**DATA FOR PROCESSING**
(* Let $m$ be a positive integer and $e$ an integer with $1<e<3^m-1$. If $x^e$ is APN over $\mathrm{GF}(3^m)$, then the ternary cyclic code $\mathcal{C}_{(1,e)}$ has parameters $[3^m-1,\,3^m-1-2m,\,4]$.
   Context: Let $q=3^m$, $n=q-1$, $\alpha$ a generator of $\mathrm{GF}(q)^*$, and $m_a(x)$ the minimal polynomial of $a\in\mathrm{GF}(q)$ over $\mathrm{GF}(3)$. $C_j$ denotes the $3$-cyclotomic coset modulo $n$ containing $j$, i.e. $\{j,3j,3^2j,\dots\}$ mod $n$. For $1<e<q-1$ with $e\notin C_1$, $\mathcal{C}_{(1,e)}$ is the cyclic code of length $n$ over $\mathrm{GF}(3)$ with generator polynomial $m_\alpha(x)m_{\alpha^e}(x)$ (when $x^e$ is APN one has $e\notin C_1$). A function $f$ on $\mathrm{GF}(q)$ is APN if $\max_{a\in\mathrm{GF}(q)^*}\max_{b\in\mathrm{GF}(q)}|\{x\in\mathrm{GF}(q): f(x+a)-f(x)=b\}|=2$. *)

From HB Require Import structures.
From mathcomp Require Import all_boot all_order all_algebra.
Set Implicit Arguments. Unset Strict Implicit. Unset Printing Implicit Defensive.
Import GRing.Theory.
Local Open Scope ring_scope.

Definition F3_to (F : fieldType) (z : 'F_3) : F := (nat_of_ord z)%:R.

Definition is_minpoly_F3 (F : fieldType) (a : F) (p : {poly 'F_3}) : Prop :=
  [/\ p \is monic, root (map_poly (@F3_to F) p) a &
      forall q : {poly 'F_3}, q != 0 -> root (map_poly (@F3_to F) q) a ->
        (size p <= size q)%N].

Definition APN (F : finFieldType) (f : F -> F) : Prop :=
  (\max_(a : F | a != 0%R) \max_(b : F) #|[set x : F | (f (x + a) - f x)%R == b]|)%N = 2%N.

Definition word_poly (n : nat) (c : 'rV['F_3]_n) : {poly 'F_3} :=
  \sum_(i < n) (c ord0 i)%:P * 'X^i.

Definition cyclic_code (n : nat) (g : {poly 'F_3}) : {set 'rV['F_3]_n} :=
  [set c | g %| word_poly c].

Definition hweight (n : nat) (c : 'rV['F_3]_n) : nat := #|[set i | c ord0 i != 0]|.

Definition code_dim (n : nat) (C : {set 'rV['F_3]_n}) : nat :=
  \dim (span (enum C)).

Definition has_min_dist (n : nat) (C : {set 'rV['F_3]_n}) (d : nat) : Prop :=
  (exists2 c, c \in C & (c != 0) && (hweight c == d)) /\
  (forall c, c \in C -> c != 0 -> (d <= hweight c)%N).

(* Write f x = x^e and D_a f x = f (x + a) - f x.  APN means that no three
   points share a value of D_a f.  Since D_1 f vanishes at 1/(z - 1) for every
   e-th root of unity z != 1, gcd(e, 3^m - 1) <= 2; hence alpha^e has order at
   least (3^m - 1)/2 and, like alpha, a minimal polynomial of degree m.  It is
   not a conjugate alpha^(3^j) of alpha, since x^e would then be additive, so
   the generator has degree 2m.  A nonzero codeword of weight at most 3 gives
   c1 u + c2 v + c3 w = 0 = c1 u^e + c2 v^e + c3 w^e for distinct nonzero
   u, v, w and coefficients in GF(3); each sign pattern yields three points
   with the same difference (e is even, x^e is homogeneous, and u + v + w = 0
   means that u, v, w is an arithmetic progression).  Finally a collision
   D_a f x = D_a f y gives the weight-4 codeword X^i1 - X^i2 - X^i3 + X^i4
   where alpha^i1, ..., alpha^i4 are x + a, x, y + a, y. *)

From HB Require Import structures.
From mathcomp Require Import all_boot all_order all_algebra all_field.
From mathcomp Require Import ring zify.
Set Implicit Arguments. Unset Strict Implicit. Unset Printing Implicit Defensive.
Import GRing.Theory.
Local Open Scope ring_scope.

Section WordPoly.
Variable k : nat.
Implicit Types (c u v : 'rV['F_3]_k) (p : {poly 'F_3}).

Definition poly_row p : 'rV['F_3]_k := \row_(i < k) p`_i.

Lemma coef_word_poly_sum c j :
  (word_poly c)`_j = \sum_(i < k) c ord0 i * (j == i)%:R.
Proof. by rewrite coef_sum; apply: eq_bigr => i _; rewrite coefCM coefXn. Qed.

Lemma coef_word_poly c (i : 'I_k) : (word_poly c)`_i = c ord0 i.
Proof.
rewrite coef_word_poly_sum (bigD1 i) //= eqxx mulr1 big1 ?addr0 // => j ji.
by rewrite eq_sym (inj_eq val_inj) (negbTE ji) mulr0.
Qed.

Lemma size_word_poly c : (size (word_poly c) <= k)%N.
Proof.
apply/leq_sizeP => j kj; rewrite coef_word_poly_sum big1 // => i _.
by rewrite (gtn_eqF (leq_trans (ltn_ord i) kj)) mulr0.
Qed.

Lemma word_poly_is_linear : linear (@word_poly k).
Proof.
move=> a u v; rewrite /word_poly scaler_sumr -big_split; apply: eq_bigr => i _ /=.
by rewrite !mxE polyCD polyCM mulrDl -mulrA mul_polyC.
Qed.

HB.instance Definition _ :=
  GRing.isLinear.Build 'F_3 'rV['F_3]_k {poly 'F_3} _ (@word_poly k)
    word_poly_is_linear.

Lemma word_poly0 : word_poly (0 : 'rV['F_3]_k) = 0. Proof. exact: raddf0. Qed.
Lemma word_polyD u v : word_poly (u + v) = word_poly u + word_poly v.
Proof. exact: raddfD. Qed.
Lemma word_polyB u v : word_poly (u - v) = word_poly u - word_poly v.
Proof. exact: raddfB. Qed.
Lemma word_polyZ a u : word_poly (a *: u) = a *: word_poly u.
Proof. exact: linearZ. Qed.

Lemma word_polyK p : (size p <= k)%N -> word_poly (poly_row p) = p.
Proof.
move=> sp; apply/polyP => j; case: (ltnP j k) => [jk | kj].
  by rewrite -[j]/(val (Ordinal jk)) coef_word_poly mxE.
by rewrite !nth_default // (leq_trans sp kj, leq_trans (size_word_poly _) kj).
Qed.

Lemma poly_rowK c : poly_row (word_poly c) = c.
Proof. by apply/rowP => i; rewrite mxE coef_word_poly. Qed.

Lemma word_poly_inj : injective (@word_poly k).
Proof. exact: can_inj poly_rowK. Qed.

End WordPoly.

Lemma subset_card_eq (T : finType) (A : {set T}) k :
  (#|A| <= k <= #|T|)%N -> exists2 B : {set T}, A \subset B & #|B| = k.
Proof.
case/andP=> leAk lekT.
have /card_geqP[s [uniq_s size_s sAs]] : (k - #|A| <= #|~: A|)%N.
  by have := cardsC A; lia.
set S := [set x in s]; exists (A :|: S); first exact: subsetUl.
have disjAS : [disjoint A & S].
  by rewrite disjoint_sym disjoints_subset; apply/subsetP => x; rewrite inE; exact: sAs.
have /eqP-> : #|A :|: S| == (#|A| + #|S|)%N by rewrite (leq_card_setU A S).2.
by rewrite cardsE (card_uniqP _) // size_s subnKC.
Qed.

Lemma cover_by_three (T : finType) (A : {set T}) : (#|A| <= 3 <= #|T|)%N ->
  exists x y z, [/\ x != y, x != z, y != z & A \subset [set x; y; z]].
Proof.
case/subset_card_eq => B sAB cardB.
have /card_gt2P[x [y [z [[xB yB zB] [neq_xy neq_yz neq_zx]]]]] : (2 < #|B|)%N.
  by rewrite cardB.
have sXB : [set x; y; z] \subset B.
  by apply/subsetP => t; rewrite !inE -orbA; case/or3P => /eqP->.
have BE : B = [set x; y; z].
  apply/esym/eqP; rewrite eqEcard sXB cardB -setUA cardsU1 cards2 !inE.
  by rewrite neq_yz negb_or neq_xy eq_sym neq_zx.
by exists x, y, z; split; rewrite // -?BE // eq_sym.
Qed.

Lemma addr_eq_self (V : zmodType) (x y : V) : (x + y == x) = (y == 0).
Proof. by rewrite -[X in _ == X]addr0 (inj_eq (addrI x)). Qed.

Lemma F3_cube (c : 'F_3) : c ^+ 3 = c.
Proof. by apply/val_inj; case: c => [[|[|[|]]] ?]. Qed.

Section CharThree.
Variable F : fieldType.
Hypothesis charF : 3%N \in [pchar F].

Lemma natr3_char3 : 3%:R = 0 :> F.
Proof. exact: pcharf0 charF. Qed.

Lemma natr2_char3 : 2%:R = -1 :> F.
Proof. by apply/eqP; rewrite -subr_eq0 opprK -natr3_char3 (natrD _ 2 1). Qed.

Lemma natr_mod3 k : (k %% 3)%:R = k%:R :> F.
Proof. by rewrite {2}(divn_eq k 3) natrD natrM natr3_char3 mulr0 add0r. Qed.

Lemma F3_to_is_zmod_morphism : zmod_morphism (F3_to F).
Proof.
move=> a b; rewrite /F3_to /= natr_mod3 natrD /= natr_mod3.
by rewrite natrB ?natr3_char3 ?sub0r // ltnW.
Qed.

Lemma F3_to_is_monoid_morphism : monoid_morphism (F3_to F).
Proof. by split=> // a b; rewrite /F3_to /= natr_mod3 natrM. Qed.

HB.instance Definition _ :=
  GRing.isZmodMorphism.Build _ _ (F3_to F) F3_to_is_zmod_morphism.
HB.instance Definition _ :=
  GRing.isMonoidMorphism.Build _ _ (F3_to F) F3_to_is_monoid_morphism.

**TASK ITEM**
Above are the records. Print exactly, and only, the lines from the line with "by rewrite cardB." to the line with "Variable F : fieldType.", both inclusive.

**OUTPUT FOR THIS TASK**
  by rewrite cardB.
have sXB : [set x; y; z] \subset B.
  by apply/subsetP => t; rewrite !inE -orbA; case/or3P => /eqP->.
have BE : B = [set x; y; z].
  apply/esym/eqP; rewrite eqEcard sXB cardB -setUA cardsU1 cards2 !inE.
  by rewrite neq_yz negb_or neq_xy eq_sym neq_zx.
by exists x, y, z; split; rewrite // -?BE // eq_sym.
Qed.

Lemma addr_eq_self (V : zmodType) (x y : V) : (x + y == x) = (y == 0).
Proof. by rewrite -[X in _ == X]addr0 (inj_eq (addrI x)). Qed.

Lemma F3_cube (c : 'F_3) : c ^+ 3 = c.
Proof. by apply/val_inj; case: c => [[|[|[|]]] ?]. Qed.

Section CharThree.
Variable F : fieldType.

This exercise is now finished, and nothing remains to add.